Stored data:
■ ■ ■ ■ ■ ■ ■
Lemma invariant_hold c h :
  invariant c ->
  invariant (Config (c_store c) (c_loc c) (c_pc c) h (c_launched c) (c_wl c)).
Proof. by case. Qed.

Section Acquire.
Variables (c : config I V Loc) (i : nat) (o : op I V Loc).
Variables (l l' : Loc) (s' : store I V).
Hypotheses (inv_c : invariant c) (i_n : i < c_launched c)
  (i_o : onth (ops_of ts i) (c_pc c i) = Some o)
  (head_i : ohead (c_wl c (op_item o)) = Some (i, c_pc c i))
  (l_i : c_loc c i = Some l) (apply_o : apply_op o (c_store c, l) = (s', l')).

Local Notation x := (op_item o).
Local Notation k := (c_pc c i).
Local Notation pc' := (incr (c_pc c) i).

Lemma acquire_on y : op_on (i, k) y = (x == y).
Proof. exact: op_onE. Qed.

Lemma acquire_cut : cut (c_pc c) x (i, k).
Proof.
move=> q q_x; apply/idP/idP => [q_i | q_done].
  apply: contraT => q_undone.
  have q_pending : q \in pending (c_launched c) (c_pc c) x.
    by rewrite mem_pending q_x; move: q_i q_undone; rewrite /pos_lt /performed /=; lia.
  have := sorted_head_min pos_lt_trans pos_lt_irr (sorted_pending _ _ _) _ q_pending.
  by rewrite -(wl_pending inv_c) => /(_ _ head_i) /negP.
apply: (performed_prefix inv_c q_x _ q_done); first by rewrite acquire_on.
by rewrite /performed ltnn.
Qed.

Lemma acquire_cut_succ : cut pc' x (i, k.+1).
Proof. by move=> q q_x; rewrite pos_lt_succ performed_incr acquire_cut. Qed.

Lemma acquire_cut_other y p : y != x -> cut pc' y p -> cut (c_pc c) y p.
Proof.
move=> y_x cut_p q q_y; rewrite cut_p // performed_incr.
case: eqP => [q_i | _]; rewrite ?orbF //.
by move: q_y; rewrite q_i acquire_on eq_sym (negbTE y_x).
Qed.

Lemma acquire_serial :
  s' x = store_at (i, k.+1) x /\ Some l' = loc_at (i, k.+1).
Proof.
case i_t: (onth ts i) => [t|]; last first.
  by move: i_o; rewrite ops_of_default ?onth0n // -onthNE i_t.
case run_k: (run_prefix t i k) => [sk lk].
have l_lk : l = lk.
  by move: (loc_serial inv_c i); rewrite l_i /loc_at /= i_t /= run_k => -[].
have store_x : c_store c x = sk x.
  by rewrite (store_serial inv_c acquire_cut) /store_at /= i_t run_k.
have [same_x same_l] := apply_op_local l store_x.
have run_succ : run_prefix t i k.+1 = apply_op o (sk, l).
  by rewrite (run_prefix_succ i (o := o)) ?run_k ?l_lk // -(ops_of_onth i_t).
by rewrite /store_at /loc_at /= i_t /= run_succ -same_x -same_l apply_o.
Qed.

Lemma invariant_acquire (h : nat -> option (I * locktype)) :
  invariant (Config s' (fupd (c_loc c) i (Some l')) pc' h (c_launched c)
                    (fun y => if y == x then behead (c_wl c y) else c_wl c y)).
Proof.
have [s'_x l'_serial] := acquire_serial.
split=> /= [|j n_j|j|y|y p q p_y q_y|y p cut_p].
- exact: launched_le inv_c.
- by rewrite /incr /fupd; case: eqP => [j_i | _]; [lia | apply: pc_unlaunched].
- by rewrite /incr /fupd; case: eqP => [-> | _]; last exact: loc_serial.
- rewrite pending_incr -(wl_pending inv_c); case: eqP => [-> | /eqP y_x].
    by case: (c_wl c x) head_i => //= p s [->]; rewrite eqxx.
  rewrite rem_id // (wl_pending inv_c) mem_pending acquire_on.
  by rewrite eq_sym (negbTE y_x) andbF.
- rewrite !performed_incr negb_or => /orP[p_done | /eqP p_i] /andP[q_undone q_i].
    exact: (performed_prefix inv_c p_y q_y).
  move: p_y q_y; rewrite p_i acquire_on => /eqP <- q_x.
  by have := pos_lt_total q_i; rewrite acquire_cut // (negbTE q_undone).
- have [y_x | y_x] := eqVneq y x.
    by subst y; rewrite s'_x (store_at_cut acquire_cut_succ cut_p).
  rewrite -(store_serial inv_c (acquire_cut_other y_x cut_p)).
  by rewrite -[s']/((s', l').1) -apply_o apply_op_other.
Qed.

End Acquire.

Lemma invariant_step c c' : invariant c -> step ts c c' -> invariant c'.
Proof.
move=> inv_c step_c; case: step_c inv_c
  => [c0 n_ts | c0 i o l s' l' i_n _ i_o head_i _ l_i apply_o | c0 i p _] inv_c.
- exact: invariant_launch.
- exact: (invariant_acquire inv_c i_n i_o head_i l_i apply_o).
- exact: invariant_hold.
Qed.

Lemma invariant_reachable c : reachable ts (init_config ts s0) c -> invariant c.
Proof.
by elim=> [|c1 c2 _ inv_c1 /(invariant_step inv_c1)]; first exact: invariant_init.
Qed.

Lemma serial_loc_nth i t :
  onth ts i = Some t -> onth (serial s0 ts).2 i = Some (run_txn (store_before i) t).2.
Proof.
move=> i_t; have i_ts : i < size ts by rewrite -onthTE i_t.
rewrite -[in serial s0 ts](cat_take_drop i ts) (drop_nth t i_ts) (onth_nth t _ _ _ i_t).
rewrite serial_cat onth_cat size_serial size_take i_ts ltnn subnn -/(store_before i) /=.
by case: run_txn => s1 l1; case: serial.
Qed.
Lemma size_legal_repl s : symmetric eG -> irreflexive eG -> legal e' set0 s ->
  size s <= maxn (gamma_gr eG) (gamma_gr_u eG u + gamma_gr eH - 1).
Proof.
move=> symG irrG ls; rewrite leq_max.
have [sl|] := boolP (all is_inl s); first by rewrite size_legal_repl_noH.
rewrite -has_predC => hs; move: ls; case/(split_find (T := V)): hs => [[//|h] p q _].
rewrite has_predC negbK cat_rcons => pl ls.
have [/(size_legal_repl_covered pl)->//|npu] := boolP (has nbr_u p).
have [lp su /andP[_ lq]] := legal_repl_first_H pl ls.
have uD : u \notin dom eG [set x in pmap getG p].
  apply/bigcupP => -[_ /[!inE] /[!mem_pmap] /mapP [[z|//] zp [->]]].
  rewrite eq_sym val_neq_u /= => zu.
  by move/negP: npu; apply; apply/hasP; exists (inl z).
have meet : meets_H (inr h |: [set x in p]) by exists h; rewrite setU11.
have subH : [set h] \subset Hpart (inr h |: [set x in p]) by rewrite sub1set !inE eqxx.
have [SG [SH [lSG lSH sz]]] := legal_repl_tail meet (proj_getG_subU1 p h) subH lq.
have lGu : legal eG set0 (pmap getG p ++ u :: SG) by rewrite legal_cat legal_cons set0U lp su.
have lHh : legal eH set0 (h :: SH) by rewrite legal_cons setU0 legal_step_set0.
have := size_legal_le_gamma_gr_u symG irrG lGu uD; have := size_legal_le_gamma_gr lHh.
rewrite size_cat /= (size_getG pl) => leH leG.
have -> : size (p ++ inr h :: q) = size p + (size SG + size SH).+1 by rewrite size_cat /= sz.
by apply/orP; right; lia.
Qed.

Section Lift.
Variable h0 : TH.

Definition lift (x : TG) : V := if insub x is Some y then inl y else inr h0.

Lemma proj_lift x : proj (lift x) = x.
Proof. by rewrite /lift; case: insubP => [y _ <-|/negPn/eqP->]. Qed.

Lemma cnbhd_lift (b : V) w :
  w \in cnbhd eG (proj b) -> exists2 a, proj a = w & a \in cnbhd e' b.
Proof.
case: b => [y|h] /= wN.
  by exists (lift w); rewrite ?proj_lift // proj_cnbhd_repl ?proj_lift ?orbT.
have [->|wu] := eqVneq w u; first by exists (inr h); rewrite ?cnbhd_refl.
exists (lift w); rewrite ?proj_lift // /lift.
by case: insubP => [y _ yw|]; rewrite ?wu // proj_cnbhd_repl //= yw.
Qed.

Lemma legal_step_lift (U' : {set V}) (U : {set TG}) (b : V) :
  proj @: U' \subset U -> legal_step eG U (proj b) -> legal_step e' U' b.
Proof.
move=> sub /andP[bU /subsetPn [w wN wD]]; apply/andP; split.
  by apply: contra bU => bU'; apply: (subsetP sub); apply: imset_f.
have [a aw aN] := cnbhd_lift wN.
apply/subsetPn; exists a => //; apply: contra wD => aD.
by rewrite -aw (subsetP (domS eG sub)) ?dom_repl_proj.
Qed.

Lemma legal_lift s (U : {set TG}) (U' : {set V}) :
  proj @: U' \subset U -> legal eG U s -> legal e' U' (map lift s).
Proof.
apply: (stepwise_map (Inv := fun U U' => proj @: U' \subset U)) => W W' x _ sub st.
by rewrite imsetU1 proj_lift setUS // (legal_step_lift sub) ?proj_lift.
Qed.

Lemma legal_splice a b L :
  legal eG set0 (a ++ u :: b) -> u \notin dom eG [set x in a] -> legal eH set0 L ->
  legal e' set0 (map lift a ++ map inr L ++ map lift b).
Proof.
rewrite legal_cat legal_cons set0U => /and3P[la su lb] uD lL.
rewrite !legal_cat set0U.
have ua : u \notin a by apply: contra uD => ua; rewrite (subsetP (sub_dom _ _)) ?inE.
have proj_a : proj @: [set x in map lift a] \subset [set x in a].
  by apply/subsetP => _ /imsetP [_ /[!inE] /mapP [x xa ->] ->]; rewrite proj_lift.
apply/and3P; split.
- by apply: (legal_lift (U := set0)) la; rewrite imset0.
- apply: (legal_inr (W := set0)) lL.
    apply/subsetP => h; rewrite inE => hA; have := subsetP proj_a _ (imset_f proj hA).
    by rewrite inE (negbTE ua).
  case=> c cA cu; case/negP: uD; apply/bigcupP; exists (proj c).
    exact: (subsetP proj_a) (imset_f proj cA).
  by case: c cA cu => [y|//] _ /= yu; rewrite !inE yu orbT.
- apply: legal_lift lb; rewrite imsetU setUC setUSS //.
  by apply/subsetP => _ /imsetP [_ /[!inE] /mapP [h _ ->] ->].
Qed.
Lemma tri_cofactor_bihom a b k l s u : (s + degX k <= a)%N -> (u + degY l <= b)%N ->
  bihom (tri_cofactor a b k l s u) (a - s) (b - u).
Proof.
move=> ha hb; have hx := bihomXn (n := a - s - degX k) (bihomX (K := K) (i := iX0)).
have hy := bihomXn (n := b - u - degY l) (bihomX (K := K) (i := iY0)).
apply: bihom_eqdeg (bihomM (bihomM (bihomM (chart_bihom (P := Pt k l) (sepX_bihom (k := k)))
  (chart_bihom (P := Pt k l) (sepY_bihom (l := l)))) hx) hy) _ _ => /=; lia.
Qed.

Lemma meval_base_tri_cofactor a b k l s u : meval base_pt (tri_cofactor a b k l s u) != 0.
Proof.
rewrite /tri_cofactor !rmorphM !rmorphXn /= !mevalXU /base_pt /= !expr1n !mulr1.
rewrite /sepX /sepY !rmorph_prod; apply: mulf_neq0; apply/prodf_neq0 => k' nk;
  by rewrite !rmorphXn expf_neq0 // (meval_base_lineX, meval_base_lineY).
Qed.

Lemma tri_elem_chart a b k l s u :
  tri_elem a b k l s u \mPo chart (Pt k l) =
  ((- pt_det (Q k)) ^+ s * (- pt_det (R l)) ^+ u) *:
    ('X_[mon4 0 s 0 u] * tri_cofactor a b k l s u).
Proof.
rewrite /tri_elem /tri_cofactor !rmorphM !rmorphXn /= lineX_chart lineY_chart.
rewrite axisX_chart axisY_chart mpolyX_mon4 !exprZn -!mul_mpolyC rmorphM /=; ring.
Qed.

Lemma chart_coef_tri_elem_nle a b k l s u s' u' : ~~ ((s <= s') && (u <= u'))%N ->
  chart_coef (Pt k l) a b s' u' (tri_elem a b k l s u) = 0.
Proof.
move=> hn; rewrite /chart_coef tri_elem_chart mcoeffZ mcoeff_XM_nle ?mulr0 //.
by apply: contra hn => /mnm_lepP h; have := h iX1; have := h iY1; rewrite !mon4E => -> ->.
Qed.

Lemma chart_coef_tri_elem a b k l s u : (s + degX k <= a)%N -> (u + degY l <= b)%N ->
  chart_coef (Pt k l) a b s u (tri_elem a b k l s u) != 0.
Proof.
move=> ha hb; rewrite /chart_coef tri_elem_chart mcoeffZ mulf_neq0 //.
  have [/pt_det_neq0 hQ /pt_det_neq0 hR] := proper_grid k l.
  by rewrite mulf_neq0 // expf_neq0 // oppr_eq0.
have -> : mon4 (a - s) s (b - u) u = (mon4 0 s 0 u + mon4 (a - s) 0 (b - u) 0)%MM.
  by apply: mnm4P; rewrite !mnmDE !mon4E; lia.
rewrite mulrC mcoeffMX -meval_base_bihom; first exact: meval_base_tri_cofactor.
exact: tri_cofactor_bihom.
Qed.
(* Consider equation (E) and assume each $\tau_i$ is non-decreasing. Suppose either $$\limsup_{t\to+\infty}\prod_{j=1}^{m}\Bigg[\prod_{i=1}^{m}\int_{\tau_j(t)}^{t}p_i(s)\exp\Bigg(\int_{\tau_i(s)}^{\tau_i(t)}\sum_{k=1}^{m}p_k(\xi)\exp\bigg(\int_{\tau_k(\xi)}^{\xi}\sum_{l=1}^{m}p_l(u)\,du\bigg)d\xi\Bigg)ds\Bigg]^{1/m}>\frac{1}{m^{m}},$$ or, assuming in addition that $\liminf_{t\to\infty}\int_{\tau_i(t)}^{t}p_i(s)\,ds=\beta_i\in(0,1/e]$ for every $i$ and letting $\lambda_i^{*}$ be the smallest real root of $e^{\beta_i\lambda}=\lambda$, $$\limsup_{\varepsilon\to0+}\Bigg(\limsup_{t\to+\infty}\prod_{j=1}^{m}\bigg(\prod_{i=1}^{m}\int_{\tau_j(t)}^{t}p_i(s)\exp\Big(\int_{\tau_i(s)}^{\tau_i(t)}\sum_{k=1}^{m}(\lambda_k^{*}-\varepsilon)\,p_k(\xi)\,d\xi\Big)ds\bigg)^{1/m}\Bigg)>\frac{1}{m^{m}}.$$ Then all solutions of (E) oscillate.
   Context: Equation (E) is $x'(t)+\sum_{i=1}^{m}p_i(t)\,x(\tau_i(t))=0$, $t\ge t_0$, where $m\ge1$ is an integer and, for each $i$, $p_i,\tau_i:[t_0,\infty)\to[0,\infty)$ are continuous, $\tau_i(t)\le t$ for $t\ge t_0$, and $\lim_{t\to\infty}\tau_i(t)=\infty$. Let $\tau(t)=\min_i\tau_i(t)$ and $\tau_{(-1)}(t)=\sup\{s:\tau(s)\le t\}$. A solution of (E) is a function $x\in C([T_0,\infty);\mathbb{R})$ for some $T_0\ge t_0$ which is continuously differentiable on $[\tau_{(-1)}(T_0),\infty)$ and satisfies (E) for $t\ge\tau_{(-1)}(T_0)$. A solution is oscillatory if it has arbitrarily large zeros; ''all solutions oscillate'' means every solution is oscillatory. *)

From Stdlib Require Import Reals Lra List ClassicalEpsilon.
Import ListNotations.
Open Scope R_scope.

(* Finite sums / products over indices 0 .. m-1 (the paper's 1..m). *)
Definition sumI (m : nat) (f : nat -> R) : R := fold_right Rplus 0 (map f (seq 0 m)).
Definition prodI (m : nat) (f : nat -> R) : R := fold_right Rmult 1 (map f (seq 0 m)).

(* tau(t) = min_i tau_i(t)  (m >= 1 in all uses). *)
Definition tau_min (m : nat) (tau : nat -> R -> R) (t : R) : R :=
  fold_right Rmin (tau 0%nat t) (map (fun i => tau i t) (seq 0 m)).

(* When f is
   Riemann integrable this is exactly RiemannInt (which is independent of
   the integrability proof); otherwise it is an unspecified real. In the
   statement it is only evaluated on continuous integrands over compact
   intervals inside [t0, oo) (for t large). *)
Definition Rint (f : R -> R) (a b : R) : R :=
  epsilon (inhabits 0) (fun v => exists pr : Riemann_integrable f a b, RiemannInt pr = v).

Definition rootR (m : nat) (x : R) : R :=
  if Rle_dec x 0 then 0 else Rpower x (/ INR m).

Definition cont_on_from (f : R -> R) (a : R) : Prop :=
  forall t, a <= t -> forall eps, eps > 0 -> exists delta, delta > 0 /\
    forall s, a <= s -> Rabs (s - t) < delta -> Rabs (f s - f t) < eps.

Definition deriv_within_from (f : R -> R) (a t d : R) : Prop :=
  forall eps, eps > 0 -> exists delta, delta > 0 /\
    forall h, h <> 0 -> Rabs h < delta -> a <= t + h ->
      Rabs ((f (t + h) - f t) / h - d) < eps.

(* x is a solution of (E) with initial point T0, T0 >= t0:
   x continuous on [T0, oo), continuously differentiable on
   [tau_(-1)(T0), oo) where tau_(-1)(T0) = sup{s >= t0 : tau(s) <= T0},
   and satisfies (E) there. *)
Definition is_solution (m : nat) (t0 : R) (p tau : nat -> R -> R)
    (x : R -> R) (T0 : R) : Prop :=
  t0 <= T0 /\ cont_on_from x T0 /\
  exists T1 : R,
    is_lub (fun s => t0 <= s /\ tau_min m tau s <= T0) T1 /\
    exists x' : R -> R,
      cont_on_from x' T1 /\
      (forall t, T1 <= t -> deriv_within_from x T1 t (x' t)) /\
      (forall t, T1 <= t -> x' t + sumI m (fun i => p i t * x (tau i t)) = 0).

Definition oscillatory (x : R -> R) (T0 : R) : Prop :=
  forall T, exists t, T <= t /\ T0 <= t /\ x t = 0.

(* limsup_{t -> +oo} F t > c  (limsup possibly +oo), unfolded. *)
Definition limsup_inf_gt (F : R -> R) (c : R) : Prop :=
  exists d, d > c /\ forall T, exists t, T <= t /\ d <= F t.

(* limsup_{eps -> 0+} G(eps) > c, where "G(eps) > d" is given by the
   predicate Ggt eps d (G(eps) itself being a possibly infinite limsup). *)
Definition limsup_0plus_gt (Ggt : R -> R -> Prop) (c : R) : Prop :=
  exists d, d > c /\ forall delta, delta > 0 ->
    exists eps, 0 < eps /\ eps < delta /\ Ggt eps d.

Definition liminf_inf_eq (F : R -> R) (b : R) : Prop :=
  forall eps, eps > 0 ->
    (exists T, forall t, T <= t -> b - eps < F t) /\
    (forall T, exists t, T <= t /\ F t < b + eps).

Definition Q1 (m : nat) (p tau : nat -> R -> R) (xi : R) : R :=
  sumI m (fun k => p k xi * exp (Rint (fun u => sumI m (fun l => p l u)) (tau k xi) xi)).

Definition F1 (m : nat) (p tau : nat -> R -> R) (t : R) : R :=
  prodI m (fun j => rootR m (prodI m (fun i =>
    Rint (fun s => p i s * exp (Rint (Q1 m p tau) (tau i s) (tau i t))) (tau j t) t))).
■ ■ ■ ■ ■ ■ ■
** Aim of the exercise **
Retype only the lines above between the line with "invariant (Config s'" and the line with "- rewrite pending_incr", counting those two lines as well, and keep every character as it is.

** Result of this task **
  invariant (Config s' (fupd (c_loc c) i (Some l')) pc' h (c_launched c)
                    (fun y => if y == x then behead (c_wl c y) else c_wl c y)).
Proof.
have [s'_x l'_serial] := acquire_serial.
split=> /= [|j n_j|j|y|y p q p_y q_y|y p cut_p].
- exact: launched_le inv_c.
- by rewrite /incr /fupd; case: eqP => [j_i | _]; [lia | apply: pc_unlaunched].
- by rewrite /incr /fupd; case: eqP => [-> | _]; last exact: loc_serial.
- rewrite pending_incr -(wl_pending inv_c); case: eqP => [-> | /eqP y_x].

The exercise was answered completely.